[Start of Attachment]

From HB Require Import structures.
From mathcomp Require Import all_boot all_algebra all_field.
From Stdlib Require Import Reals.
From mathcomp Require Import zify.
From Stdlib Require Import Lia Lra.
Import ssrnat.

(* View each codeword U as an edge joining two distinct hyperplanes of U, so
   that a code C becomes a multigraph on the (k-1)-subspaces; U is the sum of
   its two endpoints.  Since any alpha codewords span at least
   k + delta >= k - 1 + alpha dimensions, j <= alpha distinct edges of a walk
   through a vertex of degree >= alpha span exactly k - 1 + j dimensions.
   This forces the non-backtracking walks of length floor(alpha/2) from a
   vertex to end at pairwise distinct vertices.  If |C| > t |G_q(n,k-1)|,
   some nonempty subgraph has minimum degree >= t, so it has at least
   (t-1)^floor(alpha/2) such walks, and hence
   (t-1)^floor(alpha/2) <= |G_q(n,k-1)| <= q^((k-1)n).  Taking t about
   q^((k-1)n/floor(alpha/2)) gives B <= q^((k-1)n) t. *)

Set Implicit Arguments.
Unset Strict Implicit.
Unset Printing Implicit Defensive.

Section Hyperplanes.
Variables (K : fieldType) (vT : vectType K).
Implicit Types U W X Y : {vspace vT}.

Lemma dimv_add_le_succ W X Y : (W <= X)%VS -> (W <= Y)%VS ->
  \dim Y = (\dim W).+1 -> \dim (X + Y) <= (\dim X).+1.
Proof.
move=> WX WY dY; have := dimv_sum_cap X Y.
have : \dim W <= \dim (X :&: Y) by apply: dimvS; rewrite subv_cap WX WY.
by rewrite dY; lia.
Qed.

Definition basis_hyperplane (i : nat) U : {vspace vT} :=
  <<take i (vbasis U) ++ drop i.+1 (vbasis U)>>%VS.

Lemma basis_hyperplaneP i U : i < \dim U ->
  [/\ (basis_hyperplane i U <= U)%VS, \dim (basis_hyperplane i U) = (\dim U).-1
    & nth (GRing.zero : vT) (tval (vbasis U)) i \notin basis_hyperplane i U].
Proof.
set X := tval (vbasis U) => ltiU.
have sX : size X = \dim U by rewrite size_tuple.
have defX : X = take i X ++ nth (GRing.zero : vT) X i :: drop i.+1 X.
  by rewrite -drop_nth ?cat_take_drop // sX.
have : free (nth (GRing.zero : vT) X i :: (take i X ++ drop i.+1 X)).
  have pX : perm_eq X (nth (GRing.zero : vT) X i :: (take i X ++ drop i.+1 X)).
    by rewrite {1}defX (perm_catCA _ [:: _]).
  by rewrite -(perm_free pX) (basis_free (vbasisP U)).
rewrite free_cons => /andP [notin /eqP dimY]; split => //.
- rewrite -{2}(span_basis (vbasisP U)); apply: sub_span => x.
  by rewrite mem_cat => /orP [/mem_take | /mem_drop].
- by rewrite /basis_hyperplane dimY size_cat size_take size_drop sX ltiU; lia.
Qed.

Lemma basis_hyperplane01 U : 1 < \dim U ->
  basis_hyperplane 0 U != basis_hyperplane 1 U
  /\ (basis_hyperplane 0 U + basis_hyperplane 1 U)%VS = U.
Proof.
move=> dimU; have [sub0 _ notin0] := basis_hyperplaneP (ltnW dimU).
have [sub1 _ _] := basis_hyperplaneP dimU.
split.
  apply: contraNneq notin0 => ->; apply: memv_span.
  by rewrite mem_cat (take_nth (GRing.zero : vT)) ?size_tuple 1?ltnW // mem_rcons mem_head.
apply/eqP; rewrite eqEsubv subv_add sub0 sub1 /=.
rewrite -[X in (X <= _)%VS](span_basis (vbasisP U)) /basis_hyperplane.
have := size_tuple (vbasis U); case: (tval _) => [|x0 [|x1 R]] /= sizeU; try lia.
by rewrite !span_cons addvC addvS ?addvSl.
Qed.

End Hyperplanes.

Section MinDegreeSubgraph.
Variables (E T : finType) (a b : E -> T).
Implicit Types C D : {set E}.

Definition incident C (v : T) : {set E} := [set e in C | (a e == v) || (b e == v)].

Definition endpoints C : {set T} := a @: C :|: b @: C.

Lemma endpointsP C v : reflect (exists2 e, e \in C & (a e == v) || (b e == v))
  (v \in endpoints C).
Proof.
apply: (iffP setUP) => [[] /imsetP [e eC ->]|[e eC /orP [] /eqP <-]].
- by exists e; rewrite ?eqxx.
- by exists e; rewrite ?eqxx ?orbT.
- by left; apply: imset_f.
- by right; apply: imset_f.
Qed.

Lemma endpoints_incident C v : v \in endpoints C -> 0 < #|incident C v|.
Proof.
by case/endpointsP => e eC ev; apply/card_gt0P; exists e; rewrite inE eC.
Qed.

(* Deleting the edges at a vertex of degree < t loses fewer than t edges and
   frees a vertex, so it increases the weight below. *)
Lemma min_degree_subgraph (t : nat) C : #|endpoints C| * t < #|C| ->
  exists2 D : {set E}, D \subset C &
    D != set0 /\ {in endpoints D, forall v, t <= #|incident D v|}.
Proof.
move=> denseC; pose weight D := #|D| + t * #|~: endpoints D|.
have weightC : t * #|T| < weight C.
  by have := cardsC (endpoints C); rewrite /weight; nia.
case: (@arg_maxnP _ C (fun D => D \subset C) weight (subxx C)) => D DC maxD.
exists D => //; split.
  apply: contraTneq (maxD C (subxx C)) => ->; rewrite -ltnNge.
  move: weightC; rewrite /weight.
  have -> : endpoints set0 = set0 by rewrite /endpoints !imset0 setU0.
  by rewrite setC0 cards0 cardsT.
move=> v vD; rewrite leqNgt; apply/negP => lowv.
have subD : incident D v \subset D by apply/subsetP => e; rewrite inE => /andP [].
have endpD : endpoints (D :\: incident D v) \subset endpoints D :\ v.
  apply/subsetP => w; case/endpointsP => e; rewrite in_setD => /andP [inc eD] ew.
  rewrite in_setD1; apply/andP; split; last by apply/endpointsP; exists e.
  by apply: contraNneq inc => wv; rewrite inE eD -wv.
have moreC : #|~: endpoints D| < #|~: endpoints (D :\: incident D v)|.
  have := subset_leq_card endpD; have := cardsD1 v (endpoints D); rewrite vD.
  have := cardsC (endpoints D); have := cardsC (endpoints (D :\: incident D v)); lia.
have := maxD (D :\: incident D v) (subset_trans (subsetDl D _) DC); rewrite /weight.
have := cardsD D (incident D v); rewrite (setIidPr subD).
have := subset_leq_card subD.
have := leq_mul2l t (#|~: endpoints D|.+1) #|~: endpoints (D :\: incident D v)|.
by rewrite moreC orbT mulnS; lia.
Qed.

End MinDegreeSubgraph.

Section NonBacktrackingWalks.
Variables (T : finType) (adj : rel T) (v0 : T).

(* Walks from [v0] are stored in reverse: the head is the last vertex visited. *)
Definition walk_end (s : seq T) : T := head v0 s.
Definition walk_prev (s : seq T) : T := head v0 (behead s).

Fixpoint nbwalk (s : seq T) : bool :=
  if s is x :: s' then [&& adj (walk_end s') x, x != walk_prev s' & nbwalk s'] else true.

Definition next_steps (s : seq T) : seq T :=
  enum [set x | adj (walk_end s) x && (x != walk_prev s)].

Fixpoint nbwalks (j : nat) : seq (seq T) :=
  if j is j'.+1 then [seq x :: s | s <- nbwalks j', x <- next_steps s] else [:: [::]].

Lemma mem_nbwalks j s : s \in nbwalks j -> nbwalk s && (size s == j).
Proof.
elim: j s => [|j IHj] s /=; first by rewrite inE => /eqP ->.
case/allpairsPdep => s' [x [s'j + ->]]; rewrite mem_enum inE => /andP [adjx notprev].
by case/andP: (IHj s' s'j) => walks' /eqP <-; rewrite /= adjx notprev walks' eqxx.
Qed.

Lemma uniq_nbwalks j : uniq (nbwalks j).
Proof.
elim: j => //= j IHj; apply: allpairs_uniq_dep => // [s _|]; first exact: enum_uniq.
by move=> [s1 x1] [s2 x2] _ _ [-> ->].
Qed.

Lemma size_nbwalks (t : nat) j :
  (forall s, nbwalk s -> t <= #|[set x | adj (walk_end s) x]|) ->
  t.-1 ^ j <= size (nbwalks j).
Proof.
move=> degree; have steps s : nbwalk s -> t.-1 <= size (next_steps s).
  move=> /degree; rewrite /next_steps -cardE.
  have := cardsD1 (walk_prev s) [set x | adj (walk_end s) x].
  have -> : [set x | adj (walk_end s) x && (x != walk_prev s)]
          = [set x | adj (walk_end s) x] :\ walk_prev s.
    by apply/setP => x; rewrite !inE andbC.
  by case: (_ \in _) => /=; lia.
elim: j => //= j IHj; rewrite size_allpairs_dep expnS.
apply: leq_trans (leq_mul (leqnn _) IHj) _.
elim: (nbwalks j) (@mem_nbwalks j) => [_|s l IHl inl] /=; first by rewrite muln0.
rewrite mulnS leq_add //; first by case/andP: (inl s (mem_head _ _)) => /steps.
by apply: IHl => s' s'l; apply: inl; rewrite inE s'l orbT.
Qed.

[End of Attachment]
[Start of Attachment]

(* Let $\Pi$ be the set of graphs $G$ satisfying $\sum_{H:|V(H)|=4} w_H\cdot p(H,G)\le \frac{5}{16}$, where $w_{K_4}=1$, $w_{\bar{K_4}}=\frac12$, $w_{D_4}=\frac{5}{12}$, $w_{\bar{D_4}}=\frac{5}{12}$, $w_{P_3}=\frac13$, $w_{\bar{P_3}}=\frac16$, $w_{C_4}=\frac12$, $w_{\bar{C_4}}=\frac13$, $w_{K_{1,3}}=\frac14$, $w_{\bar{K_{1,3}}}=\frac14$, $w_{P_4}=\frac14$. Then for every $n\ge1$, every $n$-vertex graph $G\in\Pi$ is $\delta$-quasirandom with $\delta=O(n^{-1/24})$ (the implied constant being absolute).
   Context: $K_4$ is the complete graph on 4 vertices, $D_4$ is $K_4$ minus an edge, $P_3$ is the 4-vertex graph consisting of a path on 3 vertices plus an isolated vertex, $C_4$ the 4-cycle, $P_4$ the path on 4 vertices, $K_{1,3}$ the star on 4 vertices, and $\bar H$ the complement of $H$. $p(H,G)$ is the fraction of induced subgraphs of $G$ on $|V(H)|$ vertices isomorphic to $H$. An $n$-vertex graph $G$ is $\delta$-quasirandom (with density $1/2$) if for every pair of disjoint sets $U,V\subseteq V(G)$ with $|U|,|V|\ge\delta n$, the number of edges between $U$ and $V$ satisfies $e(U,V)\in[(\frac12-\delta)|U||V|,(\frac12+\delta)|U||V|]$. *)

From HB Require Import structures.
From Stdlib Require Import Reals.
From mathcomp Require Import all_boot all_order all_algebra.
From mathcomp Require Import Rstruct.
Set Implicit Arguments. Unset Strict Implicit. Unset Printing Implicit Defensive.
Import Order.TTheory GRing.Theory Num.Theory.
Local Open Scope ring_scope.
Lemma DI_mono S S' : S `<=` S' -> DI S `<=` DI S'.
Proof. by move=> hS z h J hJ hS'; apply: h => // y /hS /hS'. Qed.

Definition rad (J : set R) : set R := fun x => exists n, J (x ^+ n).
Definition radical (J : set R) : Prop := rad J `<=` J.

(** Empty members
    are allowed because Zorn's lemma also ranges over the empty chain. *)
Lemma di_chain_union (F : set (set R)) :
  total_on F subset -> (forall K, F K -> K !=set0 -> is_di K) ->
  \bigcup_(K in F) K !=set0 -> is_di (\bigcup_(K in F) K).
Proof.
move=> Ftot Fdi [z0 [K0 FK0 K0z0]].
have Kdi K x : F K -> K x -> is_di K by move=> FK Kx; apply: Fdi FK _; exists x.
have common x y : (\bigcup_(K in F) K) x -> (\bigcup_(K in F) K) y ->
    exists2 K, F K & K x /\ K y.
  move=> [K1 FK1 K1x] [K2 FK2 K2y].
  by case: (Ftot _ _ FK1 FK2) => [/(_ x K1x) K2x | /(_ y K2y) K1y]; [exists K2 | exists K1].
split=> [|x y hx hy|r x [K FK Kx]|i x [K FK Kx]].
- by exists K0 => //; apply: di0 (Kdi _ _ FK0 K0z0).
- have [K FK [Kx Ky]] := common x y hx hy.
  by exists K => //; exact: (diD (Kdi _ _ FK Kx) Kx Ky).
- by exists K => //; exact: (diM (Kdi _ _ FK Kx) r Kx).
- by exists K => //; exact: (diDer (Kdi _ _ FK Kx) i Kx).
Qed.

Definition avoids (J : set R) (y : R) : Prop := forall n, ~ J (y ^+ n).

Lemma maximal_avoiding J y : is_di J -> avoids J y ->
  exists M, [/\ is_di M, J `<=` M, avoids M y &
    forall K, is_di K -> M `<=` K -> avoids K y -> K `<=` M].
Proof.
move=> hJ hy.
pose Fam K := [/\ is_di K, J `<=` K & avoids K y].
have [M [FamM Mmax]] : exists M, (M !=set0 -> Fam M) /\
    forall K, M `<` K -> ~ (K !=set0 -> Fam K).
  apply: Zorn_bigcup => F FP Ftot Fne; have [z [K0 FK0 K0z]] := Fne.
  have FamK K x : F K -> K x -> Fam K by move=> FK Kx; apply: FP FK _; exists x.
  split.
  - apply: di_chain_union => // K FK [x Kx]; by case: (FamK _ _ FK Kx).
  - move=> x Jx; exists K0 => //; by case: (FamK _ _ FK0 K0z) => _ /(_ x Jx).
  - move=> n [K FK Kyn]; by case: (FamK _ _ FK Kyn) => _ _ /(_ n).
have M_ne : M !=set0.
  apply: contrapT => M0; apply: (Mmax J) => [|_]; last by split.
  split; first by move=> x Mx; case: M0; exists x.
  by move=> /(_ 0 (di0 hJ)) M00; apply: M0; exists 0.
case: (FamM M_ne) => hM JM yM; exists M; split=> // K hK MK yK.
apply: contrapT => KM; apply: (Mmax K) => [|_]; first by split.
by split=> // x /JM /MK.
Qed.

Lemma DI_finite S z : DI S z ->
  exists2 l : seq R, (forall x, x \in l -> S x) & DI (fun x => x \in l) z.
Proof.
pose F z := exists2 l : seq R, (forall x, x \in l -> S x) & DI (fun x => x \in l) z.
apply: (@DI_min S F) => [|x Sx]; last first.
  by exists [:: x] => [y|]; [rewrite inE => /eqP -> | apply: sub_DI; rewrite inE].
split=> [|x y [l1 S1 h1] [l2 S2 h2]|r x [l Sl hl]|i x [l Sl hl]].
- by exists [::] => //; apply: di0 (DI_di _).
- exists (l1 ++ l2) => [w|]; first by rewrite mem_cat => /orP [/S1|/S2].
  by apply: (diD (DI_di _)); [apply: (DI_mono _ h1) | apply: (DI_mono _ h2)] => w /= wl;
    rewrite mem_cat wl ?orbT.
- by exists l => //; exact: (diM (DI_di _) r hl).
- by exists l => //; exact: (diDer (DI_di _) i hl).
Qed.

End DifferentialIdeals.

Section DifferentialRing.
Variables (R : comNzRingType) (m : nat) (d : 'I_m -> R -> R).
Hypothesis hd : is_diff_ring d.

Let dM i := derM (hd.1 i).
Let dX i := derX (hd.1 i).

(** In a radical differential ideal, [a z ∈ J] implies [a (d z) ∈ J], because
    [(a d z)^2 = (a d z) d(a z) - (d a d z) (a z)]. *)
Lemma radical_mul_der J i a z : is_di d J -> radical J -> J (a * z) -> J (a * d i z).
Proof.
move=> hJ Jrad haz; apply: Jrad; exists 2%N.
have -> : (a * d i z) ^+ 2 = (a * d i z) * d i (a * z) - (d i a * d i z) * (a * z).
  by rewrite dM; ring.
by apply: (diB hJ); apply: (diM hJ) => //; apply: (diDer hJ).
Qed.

[End of Attachment]

TASK INSTRUCTIONS ▸ Lines above containing "tval": give their number only.

RESULT OF THE TASK ▸ 3